▶ **WORK TO BE COMPLETED**
Return each record exactly as it appears, so that nothing is dropped or altered.

GIVEN RECORDS: Begin

(* Let $T$ be a triangle which is not of type $(108^\circ,36^\circ,36^\circ)$, $(72^\circ,72^\circ,36^\circ)$ or $(120^\circ,30^\circ,30^\circ)$. Then the tight 5-cycle $C_5$ with vertex set $[5]$ and edges $123,234,345,145,125$ is forbidden for $T$.
   Context: A 3-graph is a 3-uniform hypergraph; $G$ is $F$-free if it has no (not necessarily induced) subhypergraph isomorphic to $F$. A triangle is of type $(\alpha,\beta,\gamma)$ if $\alpha\ge\beta\ge\gamma$ are its interior angles in degrees. For a triangle $T$ with side lengths $a,b,c$ and $\varepsilon>0$, with $\varepsilon'=\varepsilon\min\{a,b,c\}$, a triangle $A'B'C'$ is $\varepsilon$-congruent to $T$ if there are $A,B,C\in\mathbb{R}^2$ with $ABC$ congruent to $T$ and $A',B',C'$ within distance $\varepsilon'$ of $A,B,C$ respectively. For finite $P\subseteq\mathbb{R}^2$, $\mathcal{H}(T,P,\varepsilon)$ is the 3-graph on $P$ whose edges are triples forming triangles $\varepsilon$-congruent to $T$. A 3-graph $H$ is forbidden for $T$ if there exists $\varepsilon>0$ such that for every $P\subseteq\mathbb{R}^2$ with $|P|=|V(H)|$, $\mathcal{H}(T,P,\varepsilon)$ is $H$-free. *)

From Stdlib Require Import Reals Lra List.
Open Scope R_scope.

Definition point : Type := (R * R)%type.

Definition dist (p q : point) : R :=
  sqrt ((fst p - fst q) ^ 2 + (snd p - snd q) ^ 2).

Definition noncollinear (A B C : point) : Prop :=
  (fst B - fst A) * (snd C - snd A) - (snd B - snd A) * (fst C - fst A) <> 0.

Definition angle_deg (A B C : point) : R :=
  acos (((fst B - fst A) * (fst C - fst A) + (snd B - snd A) * (snd C - snd A))
        / (dist A B * dist A C)) * 180 / PI.

Definition is_type (A B C : point) (al be ga : R) : Prop :=
  let a := angle_deg A B C in
  let b := angle_deg B C A in
  let c := angle_deg C A B in
  (a = al /\ b = be /\ c = ga) \/ (a = al /\ b = ga /\ c = be) \/
  (a = be /\ b = al /\ c = ga) \/ (a = be /\ b = ga /\ c = al) \/
  (a = ga /\ b = al /\ c = be) \/ (a = ga /\ b = be /\ c = al).

Definition eps_congruent (TA TB TC : point) (eps : R) (A' B' C' : point) : Prop :=
  let eps' := eps * Rmin (dist TB TC) (Rmin (dist TC TA) (dist TA TB)) in
  exists A B C : point,
    dist A B = dist TA TB /\ dist B C = dist TB TC /\ dist C A = dist TC TA /\
    dist A' A <= eps' /\ dist B' B <= eps' /\ dist C' C <= eps'.

Definition Hedge (TA TB TC : point) (eps : R) (x y z : point) : Prop :=
  x <> y /\ y <> z /\ x <> z /\
  (eps_congruent TA TB TC eps x y z \/ eps_congruent TA TB TC eps x z y \/
   eps_congruent TA TB TC eps y x z \/ eps_congruent TA TB TC eps y z x \/
   eps_congruent TA TB TC eps z x y \/ eps_congruent TA TB TC eps z y x).

(* A 3-graph H on vertex set [n] = {1,...,n}, given by its list of edges. *)
Record hgraph3 := { hg_n : nat; hg_edges : list (nat * nat * nat) }.

Definition contains_copy (TA TB TC : point) (eps : R) (P : list point) (H : hgraph3) : Prop :=
  exists f : nat -> point,
    (forall i, (1 <= i <= hg_n H)%nat -> In (f i) P) /\
    (forall i j, (1 <= i <= hg_n H)%nat -> (1 <= j <= hg_n H)%nat -> f i = f j -> i = j) /\
    (forall i j k, In (i, j, k) (hg_edges H) -> Hedge TA TB TC eps (f i) (f j) (f k)).

Definition forbidden (TA TB TC : point) (H : hgraph3) : Prop :=
  exists eps : R, eps > 0 /\
    forall P : list point, NoDup P -> length P = hg_n H ->
      ~ contains_copy TA TB TC eps P H.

GIVEN RECORDS: End

▶ **REPLY**
(* Let $T$ be a triangle which is not of type $(108^\circ,36^\circ,36^\circ)$, $(72^\circ,72^\circ,36^\circ)$ or $(120^\circ,30^\circ,30^\circ)$. Then the tight 5-cycle $C_5$ with vertex set $[5]$ and edges $123,234,345,145,125$ is forbidden for $T$.
   Context: A 3-graph is a 3-uniform hypergraph; $G$ is $F$-free if it has no (not necessarily induced) subhypergraph isomorphic to $F$. A triangle is of type $(\alpha,\beta,\gamma)$ if $\alpha\ge\beta\ge\gamma$ are its interior angles in degrees. For a triangle $T$ with side lengths $a,b,c$ and $\varepsilon>0$, with $\varepsilon'=\varepsilon\min\{a,b,c\}$, a triangle $A'B'C'$ is $\varepsilon$-congruent to $T$ if there are $A,B,C\in\mathbb{R}^2$ with $ABC$ congruent to $T$ and $A',B',C'$ within distance $\varepsilon'$ of $A,B,C$ respectively. For finite $P\subseteq\mathbb{R}^2$, $\mathcal{H}(T,P,\varepsilon)$ is the 3-graph on $P$ whose edges are triples forming triangles $\varepsilon$-congruent to $T$. A 3-graph $H$ is forbidden for $T$ if there exists $\varepsilon>0$ such that for every $P\subseteq\mathbb{R}^2$ with $|P|=|V(H)|$, $\mathcal{H}(T,P,\varepsilon)$ is $H$-free. *)

From Stdlib Require Import Reals Lra List.
Open Scope R_scope.

Definition point : Type := (R * R)%type.

Definition dist (p q : point) : R :=
  sqrt ((fst p - fst q) ^ 2 + (snd p - snd q) ^ 2).

Definition noncollinear (A B C : point) : Prop :=
  (fst B - fst A) * (snd C - snd A) - (snd B - snd A) * (fst C - fst A) <> 0.

Definition angle_deg (A B C : point) : R :=
  acos (((fst B - fst A) * (fst C - fst A) + (snd B - snd A) * (snd C - snd A))
        / (dist A B * dist A C)) * 180 / PI.

Definition is_type (A B C : point) (al be ga : R) : Prop :=
  let a := angle_deg A B C in
  let b := angle_deg B C A in
  let c := angle_deg C A B in
  (a = al /\ b = be /\ c = ga) \/ (a = al /\ b = ga /\ c = be) \/
  (a = be /\ b = al /\ c = ga) \/ (a = be /\ b = ga /\ c = al) \/
  (a = ga /\ b = al /\ c = be) \/ (a = ga /\ b = be /\ c = al).

Definition eps_congruent (TA TB TC : point) (eps : R) (A' B' C' : point) : Prop :=
  let eps' := eps * Rmin (dist TB TC) (Rmin (dist TC TA) (dist TA TB)) in
  exists A B C : point,
    dist A B = dist TA TB /\ dist B C = dist TB TC /\ dist C A = dist TC TA /\
    dist A' A <= eps' /\ dist B' B <= eps' /\ dist C' C <= eps'.

Definition Hedge (TA TB TC : point) (eps : R) (x y z : point) : Prop :=
  x <> y /\ y <> z /\ x <> z /\
  (eps_congruent TA TB TC eps x y z \/ eps_congruent TA TB TC eps x z y \/
   eps_congruent TA TB TC eps y x z \/ eps_congruent TA TB TC eps y z x \/
   eps_congruent TA TB TC eps z x y \/ eps_congruent TA TB TC eps z y x).

(* A 3-graph H on vertex set [n] = {1,...,n}, given by its list of edges. *)
Record hgraph3 := { hg_n : nat; hg_edges : list (nat * nat * nat) }.

Definition contains_copy (TA TB TC : point) (eps : R) (P : list point) (H : hgraph3) : Prop :=
  exists f : nat -> point,
    (forall i, (1 <= i <= hg_n H)%nat -> In (f i) P) /\
    (forall i j, (1 <= i <= hg_n H)%nat -> (1 <= j <= hg_n H)%nat -> f i = f j -> i = j) /\
    (forall i j k, In (i, j, k) (hg_edges H) -> Hedge TA TB TC eps (f i) (f j) (f k)).

Definition forbidden (TA TB TC : point) (H : hgraph3) : Prop :=
  exists eps : R, eps > 0 /\
    forall P : list point, NoDup P -> length P = hg_n H ->
      ~ contains_copy TA TB TC eps P H.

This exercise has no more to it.